Find the lines below holding the word "forall" and copy each of them.
───── Provided information
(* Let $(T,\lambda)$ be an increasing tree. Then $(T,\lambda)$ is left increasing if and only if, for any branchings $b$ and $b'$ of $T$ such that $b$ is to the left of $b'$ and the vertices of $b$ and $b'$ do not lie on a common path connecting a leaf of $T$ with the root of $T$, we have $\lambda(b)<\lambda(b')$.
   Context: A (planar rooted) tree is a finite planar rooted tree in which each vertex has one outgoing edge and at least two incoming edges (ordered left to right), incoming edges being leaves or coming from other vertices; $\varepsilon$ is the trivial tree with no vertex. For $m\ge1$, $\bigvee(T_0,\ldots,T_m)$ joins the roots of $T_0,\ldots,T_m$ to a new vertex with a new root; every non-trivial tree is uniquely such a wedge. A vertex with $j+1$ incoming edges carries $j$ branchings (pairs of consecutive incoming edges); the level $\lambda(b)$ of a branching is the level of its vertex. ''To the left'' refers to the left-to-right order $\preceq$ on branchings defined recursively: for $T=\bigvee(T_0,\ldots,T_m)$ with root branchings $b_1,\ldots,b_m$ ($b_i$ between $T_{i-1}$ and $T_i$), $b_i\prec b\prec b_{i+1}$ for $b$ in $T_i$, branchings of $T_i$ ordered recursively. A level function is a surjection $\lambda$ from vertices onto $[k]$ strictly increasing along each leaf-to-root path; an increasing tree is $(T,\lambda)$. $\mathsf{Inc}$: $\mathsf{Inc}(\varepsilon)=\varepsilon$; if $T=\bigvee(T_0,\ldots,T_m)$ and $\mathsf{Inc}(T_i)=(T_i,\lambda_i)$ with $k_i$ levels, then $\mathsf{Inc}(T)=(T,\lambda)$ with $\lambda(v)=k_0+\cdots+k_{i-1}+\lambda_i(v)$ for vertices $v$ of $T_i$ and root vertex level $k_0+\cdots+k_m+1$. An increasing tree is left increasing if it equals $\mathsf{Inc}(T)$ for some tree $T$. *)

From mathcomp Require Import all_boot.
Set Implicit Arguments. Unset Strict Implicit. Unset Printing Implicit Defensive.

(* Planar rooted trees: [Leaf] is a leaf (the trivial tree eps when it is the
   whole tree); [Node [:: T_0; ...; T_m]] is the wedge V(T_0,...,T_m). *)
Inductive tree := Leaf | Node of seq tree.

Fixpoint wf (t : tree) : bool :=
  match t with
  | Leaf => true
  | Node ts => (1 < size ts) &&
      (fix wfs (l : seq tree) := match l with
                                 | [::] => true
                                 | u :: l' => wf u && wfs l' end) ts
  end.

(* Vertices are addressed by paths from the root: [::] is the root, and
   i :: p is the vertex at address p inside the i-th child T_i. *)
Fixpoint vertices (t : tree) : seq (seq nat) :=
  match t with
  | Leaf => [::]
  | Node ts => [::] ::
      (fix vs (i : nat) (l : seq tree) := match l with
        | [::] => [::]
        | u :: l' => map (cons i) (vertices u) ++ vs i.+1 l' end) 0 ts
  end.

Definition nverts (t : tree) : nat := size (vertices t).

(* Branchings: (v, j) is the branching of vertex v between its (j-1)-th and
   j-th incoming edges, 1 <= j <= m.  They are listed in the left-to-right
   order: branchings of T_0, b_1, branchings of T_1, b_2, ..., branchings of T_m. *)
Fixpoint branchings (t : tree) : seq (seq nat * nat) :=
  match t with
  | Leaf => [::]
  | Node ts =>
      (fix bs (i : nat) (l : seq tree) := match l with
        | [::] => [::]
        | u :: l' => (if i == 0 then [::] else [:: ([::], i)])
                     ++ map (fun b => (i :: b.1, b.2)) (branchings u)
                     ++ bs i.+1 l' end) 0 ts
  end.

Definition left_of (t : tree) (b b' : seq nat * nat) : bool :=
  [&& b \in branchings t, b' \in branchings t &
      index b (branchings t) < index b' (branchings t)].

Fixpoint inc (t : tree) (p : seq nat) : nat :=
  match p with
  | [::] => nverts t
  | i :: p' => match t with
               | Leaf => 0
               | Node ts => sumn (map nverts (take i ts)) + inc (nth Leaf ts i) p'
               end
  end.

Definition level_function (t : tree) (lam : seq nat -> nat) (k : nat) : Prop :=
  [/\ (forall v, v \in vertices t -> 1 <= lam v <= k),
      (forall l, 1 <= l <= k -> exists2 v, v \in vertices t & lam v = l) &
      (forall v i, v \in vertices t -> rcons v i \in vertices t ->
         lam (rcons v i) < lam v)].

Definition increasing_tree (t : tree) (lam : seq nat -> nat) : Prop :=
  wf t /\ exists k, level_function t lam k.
──────────
Task result:
  [/\ (forall v, v \in vertices t -> 1 <= lam v <= k),
      (forall l, 1 <= l <= k -> exists2 v, v \in vertices t & lam v = l) &
      (forall v i, v \in vertices t -> rcons v i \in vertices t ->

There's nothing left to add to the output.